I have to bite my lip to stop myself from laughing out loud. Ugly and fat. Looks are the only things that appeal to these types of boys, so it’s all they know to insult us. Our ability to appeal to them. As if that’s some kind of reward, dating one. Yuck.
“Why are you so worked up, anyway?” He leans closer, and I really wish the book in my hand had a hard cover. You never know how far these boys will go. “You should have been glad I gave you an opportunity to be my girl. You’re so desperate, and you have no reason to reject me.”
“Actually, I do have reasons.” I tell him, standing up taller.
“And what are they?” He narrows his eyes back at me, his face steel. “Why won’t you give me your number?”
“Because I said so.” I can feel my eyebrows narrow, and I’m aware suddenly that I’m smirking. “Matthias, I don’t think I’m the desperate one here.”
He snorts, backing up. “Seriously? You’re bigger than this store. Fat chance you’ll be single for life with this attitude.”
And there’s the ‘fat’ insult, and the ‘you aren’t worthy of our relationship’ remark, and that completes the BINGO for a misogynist boy. “Okay.” I shrug. “Have fun jerking off to your own pathetic soundtracks.”
He flips me off, storming out the door (and brushing past a surprised looking Charlie) swearing enough profanity to light the roof in flames.
“Damn.” Charlie looks at me. “What’d he want?”
I roll my eyes and gesture to myself. “This ugly, desperate-for-male-attention figure, and my number.”
She groans. “Disgusting.
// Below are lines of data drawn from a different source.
Lemma dual_scaleA a b f : dual_scale a (dual_scale b f) = dual_scale (a * b) f.
Proof. by apply: eq_dual_space => x /=; rewrite mulrA. Qed.
Lemma dual_scale1 : left_id 1 dual_scale.
Proof. by move=> f; apply: eq_dual_space => x /=; rewrite mul1r. Qed.
Lemma dual_scaleDr : right_distributive dual_scale +%R.
Proof. by move=> k f g; apply: eq_dual_space => x /=; rewrite mulrDr. Qed.
Lemma dual_scaleDl f : {morph dual_scale^~ f : a b / a + b}.
Proof. by move=> a b; apply: eq_dual_space => x /=; rewrite mulrDl. Qed.

HB.instance Definition _ := GRing.Zmodule_isLmodule.Build K dual_space
  dual_scaleA dual_scale1 dual_scaleDr dual_scaleDl.

Definition functional_bounds (f : X -> K) : set R :=
  [set M | 0 <= M /\ forall x, `|f x| <= M%:C * `|x|].

Definition dual_normR (f : dual_space) : R := inf (functional_bounds f).

Lemma functional_bounds_neq0 (f : dual_space) : functional_bounds f !=set0.
Proof.
case: (dual_funP f) => _ [M hM]; exists (Num.max M 0).
by split; [rewrite le_max lexx orbT | move=> x; apply: le_trans (hM x) (ler_max0_mul _ _)].
Qed.

Lemma dual_normR_ge0 f : 0 <= dual_normR f.
Proof. by apply: lb_le_inf; [exact: functional_bounds_neq0 | move=> M []]. Qed.

Lemma dual_normR_le f M : functional_bounds f M -> dual_normR f <= M.
Proof. by apply: ge_inf; exists 0 => N []. Qed.

Lemma dual_normR_bound f x : `|f x| <= (dual_normR f)%:C * `|x|.
Proof.
rewrite (normr_complexE x) normc_complexE -real_complexM lecR.
have [x0|x_neq0] := eqVneq x 0.
  by rewrite x0 (lin0 (dual_funP f).1) !normr0 mulr0.
have x_gt0 : 0 < Re `|x| by rewrite -ltcR -normr_complexE normr_gt0.
rewrite -ler_pdivrMr //; apply: lb_le_inf; first exact: functional_bounds_neq0.
move=> M [_ hM]; rewrite ler_pdivrMr //.
by have := hM x; rewrite (normr_complexE x) normc_complexE -real_complexM lecR.
Qed.

Lemma dual_normR_comp (Y : normedModType K) (g : Y -> X) (c : R) f :
  (forall y, `|g y| <= c%:C * `|y|) -> forall y, `|f (g y)| <= (dual_normR f * c)%:C * `|y|.
Proof.
move=> gc y; apply: le_trans (dual_normR_bound f _) _.
by rewrite real_complexM -mulrA ler_wpM2l ?ler0c ?dual_normR_ge0.
Qed.

Lemma dual_compP (Y : normedModType K) (g : Y -> X) (c : R) f :
  lin g -> (forall y, `|g y| <= c%:C * `|y|) -> bounded_functional (fun y => f (g y)).
Proof.
move=> g_lin g_bound; split; first exact: lin_comp (dual_funP f).1 g_lin.
by exists (dual_normR f * c); apply: dual_normR_comp.
Qed.

Lemma dual_normR_scale k f : dual_normR (k *: f) <= Re `|k| * dual_normR f.
Proof.
apply: dual_normR_le; split; first by rewrite mulr_ge0 ?Re_ge0 ?dual_normR_ge0.
move=> x /=; rewrite normrM real_complexM -normc_complexE -mulrA.
by rewrite ler_wpM2l // dual_normR_bound.
Qed.

Definition dual_norm (f : dual_space) : K := (dual_normR f)%:C.

Lemma dual_norm_triangle f g : dual_norm (f + g) <= dual_norm f + dual_norm g.
Proof.
rewrite /dual_norm -real_complexD lecR; apply: dual_normR_le; split.
  by rewrite addr_ge0 ?dual_normR_ge0.
move=> x /=; rewrite real_complexD mulrDl; apply: le_trans (ler_normD _ _) _.
by rewrite lerD ?dual_normR_bound.
Qed.

Lemma dual_normZ k f : dual_norm (k *: f) = `|k| * dual_norm f.
Proof.
rewrite /dual_norm normc_complexE -real_complexM; congr (_%:C).
apply/eqP; rewrite eq_le dual_normR_scale andTb.
have [->|k_neq0] := eqVneq k 0; first by rewrite normr0 mul0r dual_normR_ge0.
have k_gt0 : 0 < Re `|k| by rewrite -ltcR -normc_complexE normr_gt0.
rewrite -ler_pdivlMl //.
have -> : dual_normR f = dual_normR (k^-1 *: (k *: f)) by rewrite scalerA mulVf ?scale1r.
apply: le_trans (dual_normR_scale _ _) _; rewrite ler_wpM2r ?dual_normR_ge0 //.
by rewrite -lecR real_complexV -!normc_complexE normfV.
Qed.

Lemma dual_norm_eq0 f : dual_norm f = 0 -> f = 0.
Proof.
move=> /complexI f0; apply: eq_dual_space => x /=.
apply/normr0_eq0/eqP; rewrite eq_le normr_ge0 andbT.
by have := dual_normR_bound f x; rewrite f0 mul0r.
Qed.

HB.instance Definition _ :=
  Lmodule_isNormed.Build K dual_space dual_norm_triangle dual_normZ dual_norm_eq0.

End DualSpace.

Section DualComplete.
Variables (R : realType) (X : normedModType R[i]).
Local Notation K := R[i].
Local Notation Kt := (R[i] : numFieldType).
Local Notation Re := (@complex.Re R).
Variable F : set_system (dual_space X).
Hypotheses (FF : ProperFilter F) (FC : cauchy F).

Lemma dual_cauchy_uniform e : 0 < e ->
  exists2 S, F S & forall f g, S f -> S g -> forall x, `|f x - g x| <= e%:C * `|x|.
Proof.
move=> e0; have /cauchy_ballP/(_ e%:C) := FC; rewrite ltcR => /(_ e0).
move=> /near2_square[S FS ballS]; exists S => // f g Sf Sg x.
apply: le_trans (dual_normR_bound (f - g) x) _; rewrite ler_wpM2r // lecR.
by have := ballS f g Sf Sg; rewrite -ball_normE /= => /ltW; rewrite lecR.
Qed.

Lemma dual_pointwise_cvg x : cvg ((fun f : dual_space X => f x : Kt) @ F).
Proof.
apply: complex_cauchy_cvg; apply/cauchy_ballP => e e0.
have e_gt0 : 0 < Re e by rewrite -ltcR -ger0_complexE ?ltW.
set c := Re e / (Re `|x| + 1).
have c_gt0 : 0 < c by rewrite divr_gt0 // ltr_wpDl ?Re_ge0.
have [S FS hS] := dual_cauchy_uniform c_gt0.
rewrite near_map2; exists (S, S) => // -[f g] /= [Sf Sg].
rewrite -ball_normE /=; apply: le_lt_trans (hS f g Sf Sg x) _.
rewrite (normr_complexE x) -real_complexM (ger0_complexE (ltW e0)) ltcR.
rewrite /c mulrAC ltr_pdivrMr ?ltr_wpDl ?Re_ge0 //.
by rewrite ltr_pM2l // ltrDl.
Qed.

Definition dual_lim (x : X) : K := lim ((fun f : dual_space X => f x : Kt) @ F).

Lemma dual_lim_cvg x : (fun f : dual_space X => f x : Kt) @ F --> (dual_lim x : Kt).
Proof. exact: dual_pointwise_cvg. Qed.

Lemma dual_lim_lin : lin dual_lim.
Proof.
move=> k u v; rewrite {1}/dual_lim.
have -> : (fun f : dual_space X => f (k *: u + v) : Kt) = (fun f => k * f u + f v).
  by apply/funext => f; rewrite (dual_funP f).1.
apply: (cvg_lim (@norm_hausdorff _ Kt)); apply: cvgD; [apply: cvgMl_tmp|]; exact: dual_lim_cvg.
Qed.

Lemma dual_lim_uniform e : 0 < e ->
  exists2 S, F S & forall f, S f -> forall x, `|f x - dual_lim x| <= e%:C * `|x|.
Proof.
move=> e0; have [S FS hS] := dual_cauchy_uniform e0; exists S => // f Sf x.
have ball_closed := closed_closed_ball_num (x := f x : Kt) (r := e%:C * `|x|).
apply: (@closed_cvg _ Kt F FF (fun g : dual_space X => g x : Kt) _ ball_closed);
  last exact: dual_lim_cvg.
by apply: filterS FS => g Sg; apply: hS.
Qed.

Lemma dual_lim_bounded : bounded_functional dual_lim.
Proof.
split; first exact: dual_lim_lin.
have [S FS hS] := dual_lim_uniform ltr01; have [f Sf] := filter_ex FS.
exists (dual_normR f + 1) => x; rewrite real_complexD mulrDl.
have -> : dual_lim x = f x - (f x - dual_lim x) by rewrite opprB addrC subrK.
by apply: le_trans (ler_normB _ _) _; rewrite lerD ?dual_normR_bound ?hS.
Qed.

Lemma dual_cauchy_cvg : cvg F.
Proof.
apply/cvg_ex; exists (DualSpace dual_lim_bounded); apply/cvgrPdist_le => e e0.
have e_gt0 : 0 < Re e by rewrite -ltcR -ger0_complexE ?ltW.
have [S FS hS] := dual_lim_uniform e_gt0; apply: filterS FS => f Sf.
rewrite (ger0_complexE (ltW e0)) lecR; apply: dual_normR_le.
split=> [|x /=]; first exact: ltW.
by rewrite distrC hS.
Qed.

End DualComplete.

HB.instance Definition _ (R : realType) (X : normedModType R[i]) :=
  Uniform_isComplete.Build (dual_space X) (@dual_cauchy_cvg R X).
And, of course, typical.”
“Right?”
“Sorry I wasn’t here.” She nods toward the front of the shop. “Bella came in, and they needed an easy book-report book for their senior thesis paper, but they didn’t want it to be a classic.”
I laugh. “What’d you end up recommending?”
“It doesn't matter." She moans. "They chose Harry Potter. Bella could’ve had Yes No Maybe So or Red White and Royal Blue or literally anything in the world, but they chose Rowling.”
“They coulda taken Fitzgerald and talked about how his protagonist is one giant, pathetic, simp with no respect.”
Charlie sighs. “Men. What else is new?”
“The #notallmen movement.” I point out. “That’s new.”
“I’m telling you, Free.” She shakes a finger at me. “If I made a ray gun that shot every guy that didn’t respect women with glitter, America would be a very exciting place to live.”